[Data extracts Boundary: Start]
Definition axes_seq (b : 'I_d.+1 -> vec R d) :=
  [seq b j | j <- index_enum 'I_d.+1] ++ [seq - b j | j <- index_enum 'I_d.+1].

Lemma axes_seq_uniq b : orthonormal_basis b -> uniq (axes_seq b).
Proof.
move=> hb; rewrite cat_uniq !map_inj_uniq ?index_enum_uniq //=.
- rewrite andbT; apply/hasPn => p /mapP [j _ ->]; apply/mapP => [[i _ /eqP]].
  by rewrite eq_sym (negbTE (orthonormal_basis_neq_opp hb i j)).
- by move=> i j /oppr_inj /(orthonormal_basis_inj hb).
- exact: orthonormal_basis_inj.
Qed.

Lemma axes_seq_out b m : (forall p, m p != 0 -> exists j, on_axis b j p) ->
  forall x, x \notin axes_seq b -> m x = 0.
Proof.
move=> supp x; apply: contraNeq => /supp [j [->|->]]; rewrite mem_cat.
  by apply/orP; left; apply/mapP; exists j; rewrite ?mem_index_enum.
by apply/orP; right; apply/mapP; exists j; rewrite ?mem_index_enum.
Qed.

Lemma mass_supp s s' m : uniq s -> uniq s' ->
  (forall x, x \notin s -> m x = 0) -> (forall x, x \notin s' -> m x = 0) ->
  mass s m = mass s' m.
Proof.
by move=> us us' m0 m0'; rewrite /mass -(fsbig_setT_seq us m0) -(fsbig_setT_seq us' m0').
Qed.

Section AxisMeasure.
Variables (b : 'I_d.+1 -> vec R d) (m : vec R d -> R).
Hypotheses (hb : orthonormal_basis b) (supp : forall p, m p != 0 -> exists j, on_axis b j p).

Let L j := m (b j) + m (- b j).

Lemma mass_axes : mass (axes_seq b) m = \sum_(j < d.+1) L j.
Proof. by rewrite /mass big_cat /= !big_map -big_split. Qed.

(* A point on axis [j] is orthogonal exactly to the points on the other axes. *)
Lemma Lquad_axes : Lquad (axes_seq b) m = (\sum_(j < d.+1) L j) ^+ 2 - \sum_(j < d.+1) L j ^+ 2.
Proof.
have row_sum j p : on_axis b j p ->
    \sum_(q <- axes_seq b) Lambda_inf p q * m p * m q = m p * (\sum_(k < d.+1) L k - L j).
  move=> pj; rewrite big_cat /= !big_map -big_split /= (bigD1 j) //= (bigD1 j (P := predT)) //=.
  have Lam k : Lambda_inf p (b k) = (j != k)%:R /\ Lambda_inf p (- b k) = (j != k)%:R.
    by rewrite /Lambda_inf (on_axis_orth hb pj (or_introl erefl))
      (on_axis_orth hb pj (or_intror erefl)).
  have [-> ->] := Lam j; rewrite eqxx /= !mulr0n !mul0r !add0r.
  rewrite /L addrAC subrr add0r mulr_sumr; apply: eq_bigr => k jk.
  by have [-> ->] := Lam k; rewrite eq_sym jk !mul1r; ring.
rewrite /Lquad /Lbil big_cat /= !big_map.
rewrite (eq_bigr _ (fun j _ => row_sum j _ (or_introl erefl))).
rewrite [X in _ + X](eq_bigr _ (fun j _ => row_sum j _ (or_intror erefl))).
rewrite -big_split /= (eq_bigr (fun j => L j * (\sum_(k < d.+1) L k) - L j ^+ 2)).
  by rewrite sumrB -mulr_suml expr2.
by move=> j _; rewrite /L; ring.
Qed.

End AxisMeasure.

Lemma orth_bound_two_valued (L : 'I_d.+1 -> R) (M a b : R) :
  (forall j, two_valued a b (L j)) -> \sum_(j < d.+1) L j = M ->
  M ^+ 2 - \sum_(j < d.+1) L j ^+ 2 = orth_bound M a b.
Proof.
move=> Lab LM; have : \sum_(j < d.+1) (L j - a) * (L j - b) = 0.
  by apply: big1 => j _; case: (Lab j) => ->; rewrite subrr ?mul0r ?mulr0.
rewrite (eq_bigr (fun j => L j ^+ 2 - (a + b) * L j + a * b)) => [|j _]; last by ring.
rewrite big_split sumrB /= -mulr_sumr sumr_const card_ord -mulr_natl LM /orth_bound.
by move=> h; lra.
Qed.

Lemma Lquad_axis_config s m (M a b : R) : uniq s -> (forall x, x \notin s -> m x = 0) ->
  mass s m = M -> axis_config (two_valued a b) m -> Lquad s m = orth_bound M a b.
Proof.
move=> us m0 Ms [b' [hb supp Lab]].
have [ua m0a] := (axes_seq_uniq hb, axes_seq_out supp).
rewrite (Lquad_supp us ua m0 m0a) Lquad_axes // -mass_axes // -(mass_supp us ua m0 m0a) Ms.
by apply: orth_bound_two_valued => //; rewrite -mass_axes // -(mass_supp us ua m0 m0a).
Qed.

Local Notation c := ((d.+1)%:R^-1 : R).

Lemma Lquad_probability_le s m : spherical_support s m -> mass s m = 1 ->
  Lquad s m <= orth_bound 1 c c /\ (Lquad s m = orth_bound 1 c c -> axis_config (two_valued c c) m).
Proof.
move=> hs Ms; apply: (@Lquad_le_orth_bound (fun=> True)) hs I Ms => //.
- by move=> m' p _; rewrite -expr2 sqr_ge0.
- by rewrite mulr_ge0 // invr_ge0.
- by move=> m' u v x y _ _ _ _ [] ->; rewrite invr_gt0 ltr0n.
Qed.

Definition nat_valued (m : vec R d -> R) := forall p, exists n : nat, m p = n%:R.

Lemma nat_valued_transfer m u v : nat_valued m -> nat_valued (transfer m u v).
Proof.
move=> mN y; rewrite /transfer /dipole.
have [->|yu] := eqVneq y u.
  have [<-|uv] := eqVneq u v; first by rewrite subrr mulr0 addr0.
  have [[k ->] [l ->]] := (mN u, mN v).
  by exists (k + l)%N; rewrite mulr1n mulr0n subr0 mulr1 natrD.
have [->|yv] := eqVneq y v; first by exists 0%N; rewrite /= mulr0n mulr1n sub0r mulrN1 subrr.
by rewrite mulr0n subrr mulr0 addr0.
Qed.

Lemma natr_quadratic_ge0 (n q : nat) : 0 <= (n%:R - q%:R) * (n%:R - q.+1%:R) :> R.
Proof.
have [nq|qn] := leqP n q.
  by apply: mulr_le0; rewrite subr_le0 ler_nat // (leq_trans nq).
by apply: mulr_ge0; rewrite subr_ge0 ler_nat // ltnW.
Qed.

Lemma Lquad_counting_le (N : nat) s m :
  spherical_support s m -> nat_valued m -> mass s m = N%:R ->
  let q := (N %/ d.+1)%N in
  Lquad s m <= orth_bound N%:R q%:R q.+1%:R /\
  (Lquad s m = orth_bound N%:R q%:R q.+1%:R -> axis_config (two_valued q%:R q.+1%:R) m).
Proof.
move=> hs mN Ms q; apply: (Lquad_le_orth_bound nat_valued_transfer) hs mN Ms => //.
- by move=> m' p /(_ p)[n ->]; apply: natr_quadratic_ge0.
- by rewrite mulr_ge0.
move=> m' u v x y m'N; have [[k ->] [l ->]] := (m'N u, m'N v).
rewrite !ltr0n => k0 l0 hx hy le_x.
have two_le_x : 2%:R <= x by apply: le_trans le_x; rewrite -natrD ler_nat -(addn1 1) leq_add.
have q0 : (0 < q)%N by case: hx two_le_x => ->; rewrite ler_nat; lia.
by case: hy => ->; rewrite ltr0n // ltnW.
Qed.

End Energy.

Section FiniteSupport.
Variables (R : realType) (d : nat).
Local Notation c := ((d.+1)%:R^-1 : R).

Lemma exists_orthonormal_basis : exists v : 'I_d.+1 -> vec R d, orthonormal_basis v.
Proof.
have [|v [hv _]] := @orthonormal_seq_extend R d [::]; last by exists v.
by split=> // p q; rewrite in_nil.
Qed.

Lemma P_fin_spherical_support (w : vec R d -> R) : P_fin w ->
  exists s, [/\ spherical_support s w, mass s w = 1 & E_inf w = 2^-1 * Lquad s w].
Proof.
case=> /finite_seqP[s0 s0E] w0 w_sphere w1.
have s0w p : (p \in s0) = (w p != 0).
  apply/idP/idP => h; first by have : [set` s0] p by []; rewrite -s0E.
  by have : [set x | w x != 0] p by []; rewrite s0E.
have out x : x \notin undup s0 -> w x = 0 by rewrite mem_undup s0w negbK => /eqP.
exists (undup s0); split.
- split=> //; first exact: undup_uniq.
  + by move=> p; rewrite mem_undup s0w => /w_sphere.
  + by move=> p; rewrite mem_undup s0w.
- by rewrite /mass -(fsbig_setT_seq (undup_uniq s0) out).
- exact: E_inf_Lquad (undup_uniq s0) out.
Qed.

Lemma E_inf_P_fin_le (w : vec R d -> R) : P_fin w ->
  E_inf w <= 2^-1 * orth_bound d 1 c c /\
  (E_inf w = 2^-1 * orth_bound d 1 c c -> axis_config (two_valued c c) w).
Proof.
move=> /P_fin_spherical_support[s [hs ws ->]].
have [le eq] := Lquad_probability_le hs ws.
rewrite ler_pM2l ?invr_gt0 ?ltr0n //; split=> // /(mulfI _) eqB; apply: eq.
by apply: eqB; rewrite invr_eq0 pnatr_eq0.
Qed.

Section AxisMeasure.
Variables (v : 'I_d.+1 -> vec R d) (a b : 'I_d.+1 -> R).
Hypothesis hv : orthonormal_basis v.

Definition axis_measure : vec R d -> R :=
  fun y => \sum_(i < d.+1) (a i * dirac_w (v i) y + b i * dirac_w (- v i) y).

Lemma axis_measure_pos j : axis_measure (v j) = a j.
Proof.
rewrite /axis_measure /dirac_w (bigD1 j) //= eqxx (negbTE (orthonormal_basis_neq_opp hv _ _)).
rewrite big1 ?mulr0 ?addr0 ?mulr1 // => i ij.
rewrite (inj_eq (orthonormal_basis_inj hv)) [j == _]eq_sym (negbTE ij).
by rewrite (negbTE (orthonormal_basis_neq_opp hv _ _)) !mulr0 addr0.
Qed.

Lemma axis_measure_neg j : axis_measure (- v j) = b j.
Proof.
rewrite /axis_measure /dirac_w (bigD1 j) //= eqxx eq_sym.
rewrite (negbTE (orthonormal_basis_neq_opp hv _ _)) big1 ?mulr0 ?add0r ?mulr1 ?addr0 // => i ij.
rewrite (inj_eq (@oppr_inj _)) (inj_eq (orthonormal_basis_inj hv)) [j == _]eq_sym (negbTE ij).
rewrite eq_sym.
by rewrite (negbTE (orthonormal_basis_neq_opp hv _ _)) !mulr0 addr0.
Qed.

Lemma axis_measure_supp p : axis_measure p != 0 -> exists j, on_axis v j p.
Proof.
apply: contraNP => no_axis; rewrite /axis_measure /dirac_w big1 // => i _.
have [pv|pv] := eqVneq p (v i); first by case: no_axis; exists i; left.
have [pnv|pnv] := eqVneq p (- v i); first by case: no_axis; exists i; right.
by rewrite !mulr0 addr0.
Qed.

End AxisMeasure.

Lemma axis_measureE (v : 'I_d.+1 -> vec R d) (m : vec R d -> R) : orthonormal_basis v ->
  (forall p, m p != 0 -> exists j, on_axis v j p) ->
  m = axis_measure v (fun j => m (v j)) (fun j => m (- v j)).
Proof.
move=> hv supp; apply: funext => y.
have [[j [->|->]]|no_axis] := pselect (exists j, on_axis v j y).
- by rewrite axis_measure_pos.
- by rewrite axis_measure_neg.
have -> : m y = 0 by apply/eqP/negPn/negP => /supp.
by apply/esym/eqP/negPn/negP => /axis_measure_supp.
Qed.

Lemma axis_measure_perm (v : 'I_d.+1 -> vec R d) (a b : 'I_d.+1 -> R) (s : 'S_d.+1) :
  axis_measure (v \o s) (a \o s) (b \o s) = axis_measure v a b.
Proof.
apply: funext => y; rewrite /axis_measure [RHS](reindex_inj (@perm_inj _ s)).
by apply: eq_bigr.
Qed.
[Data extracts Boundary: End]
▶ Your assignment:
Return exactly the leading lines of the listing, stopping after the line in which "- by move=> i" occurs.

▶ Result of the task:
Definition axes_seq (b : 'I_d.+1 -> vec R d) :=
  [seq b j | j <- index_enum 'I_d.+1] ++ [seq - b j | j <- index_enum 'I_d.+1].

Lemma axes_seq_uniq b : orthonormal_basis b -> uniq (axes_seq b).
Proof.
move=> hb; rewrite cat_uniq !map_inj_uniq ?index_enum_uniq //=.
- rewrite andbT; apply/hasPn => p /mapP [j _ ->]; apply/mapP => [[i _ /eqP]].
  by rewrite eq_sym (negbTE (orthonormal_basis_neq_opp hb i j)).
- by move=> i j /oppr_inj /(orthonormal_basis_inj hb).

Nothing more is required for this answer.